Вторая история незамысловата и в значительно меньшей степени канонична. На некоего (святого) человека нападает толпа развлекающихся подростков, нанюхавшихся какой-то дряни, а может быть, просто в целях оттяга. Его окружают, прижимают к садовой решетке и принимаются было мучать, но тут он мощно возглашает, обращаясь к главарю: „Не медлите! Завтра же найдите книгу. Автор — имярек. Название — имярек штрих. Ищите!“. Потрясенные (чем, собственно?) юные раздолбай отпускают его немедленно на волю, а главарь и в самом деле принимается искать книгу. Названную книгу он, сами понимаете, так и не находит, но зато пристращается к чтению и делается — во благовременье — порядочным и даже выдающимся человеком.
Чрезвычайно любопытны в этой вполне безвкусной истории варианты книг и авторов. Чаще всего называется Библия: Апокалипсис или Екклезиаст.
Иногда книги по естественным наукам, скажем: Курант и Роббинс. „Что такое математика?“ Глава первая, параграф четвертый, „Диофантовы уравнения“!.. А иногда совершенно неизвестные и, видимо, фантастические, нигде не существующие, например: Артур Майлз. „Как стать собой“… Но самое любопытное не это. Самое любопытное, что он обращается к поганому хулиганишке на „вы“. Во всех вариантах этой истории, которые я слышал. И это тоже — про него. Он — единственный известный мне человек, который всегда и всем говорит „вы“, даже десятилетнему пацану.
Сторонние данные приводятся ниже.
(* Let $L$ be a friendly labeling function, $T$ a tree with root edge, and $e$ an interior edge of $T$. If $(l_1,m,n_1)$ and $(l_2,m,n_2)$ are consistent labelings of $T$ (same label $m$ on $e$), then $(l_1,m,n_2)$ and $(l_2,m,n_1)$ are consistent labelings of $T$ and the quadratic binomial $$q_{(l_1,m,n_1)}\,q_{(l_2,m,n_2)}-q_{(l_1,m,n_2)}\,q_{(l_2,m,n_1)}$$ lies in the toric ideal $I_{T,L}$.
   Context: Let $G$ be a finite abelian group written additively, $\mathcal{L}$ a finite set, $L:G\to\mathcal{L}$ a function. A tree with root edge is a finite tree $T$ with a distinguished leaf $\rho$; the edge at $\rho$ is the root edge. Every vertex $v\neq\rho$ has a unique parent edge (first edge on the path from $v$ to $\rho$); other edges at $v$ are child edges. Vertices that are neither $\rho$ nor leaves are interior vertices; an edge is interior if both endpoints are interior vertices. $E(T)$ is the edge set. An edge $e'$ is below $e$ if $e$ lies on the path from $\rho$ to $e'$ (so $e$ is below itself). A map $h:E(T)\to G$ is a consistent assignment if for every interior vertex $v$, $h(\text{parent edge of }v)=\sum h(\text{child edges of }v)$. ${\rm im}(L^T)=\{L\circ h: h\text{ consistent}\}$ is the set of consistent labelings. $I_{T,L}$ is the kernel of $\mathbb{C}[q_\lambda:\lambda\in{\rm im}(L^T)]\to\mathbb{C}[a^{(e)}_l:e\in E(T),l\in\mathcal{L}]$, $q_\lambda\mapsto\prod_{e\in E(T)}a^{(e)}_{\lambda(e)}$. For an edge $e$, $T_{e,-}$ is the tree formed by the edges below $e$ and $T_{e,+}$ the tree formed by $e$ and all edges not below $e$. A labeling of $T$ is written as a triple $(l,m,n)$, where $l$ is its restriction to the edges of $T_{e,-}$ other than $e$, $m$ its value on $e$, and $n$ its restriction to the edges of $T_{e,+}$ other than $e$. Friendliness: for $m\ge3$ let $Z_m=\{(g_1,\dots,g_m)\in G^m: g_1+\cdots+g_{m-1}=g_m\}$ and $\widetilde{L}(g_1,\dots,g_m)=(L(g_1),\dots,L(g_m))$; $L$ is $m$-friendly if for every $l\in\widetilde{L}(Z_m)$ and every $i$, the set of $i$-th coordinates of elements of $\widetilde{L}^{-1}(l)$ equals $L^{-1}(l_i)$; $L$ is friendly if it is $m$-friendly for all $m\ge3$. *)

From mathcomp Require Import all_boot all_algebra.
From mathcomp Require Import Rstruct.
From mathcomp.real_closed Require Import complex.
From mathcomp.multinomials Require Export mpoly.
From Stdlib Require Rdefinitions.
Что же касается самой истории, то на самом деле все было не так. Он поехал к себе на четвертый этаж в лифте, а мы с Тенгизом и Маришей решили размяться и пойти пешком. Эти двое козлов торчали площадкой выше, видимо, уже давно (судя по количеству окурков), и как только он стал открывать калитку в решетке, они напали на него и успели ударить несколько раз. Чего именно они хотели, так и осталось невыясненным, но во всяком случае ничего плохого они больше сделать не успели — мы подоспели, и Тенгиз взял их в оборот. Я кинулся поднимать его с полу, но он уже и сам вставал, цепляясь за решетку, — белый, свирепый, кровища течет по лицу, глаза, как у звероящера. „Дайте его сюда“, — приказал он Тенгизу, показывая на того козла, что был пожиже, и сам подался вперед, к этому козлу вплотную, наклонился к его козлиному уху и что-то сказал ему — никто из нас не услышал, что именно. А потом он велел Тенгизу отпустить их, и они ушли, еле передвигая ноги, как покорные паралитики. А тот козел, что был пожиже, спустившись на три ступеньки, вдруг обернулся и спросил (с огромным недоумением): „А зачем?“ „Идите-идите. Потом поймете“, — ответил он, и на этом история, собственно, и закончилась, а начались перевязки, антистолбнячные уколы и прочая лабуда из ведения нашей Мариши.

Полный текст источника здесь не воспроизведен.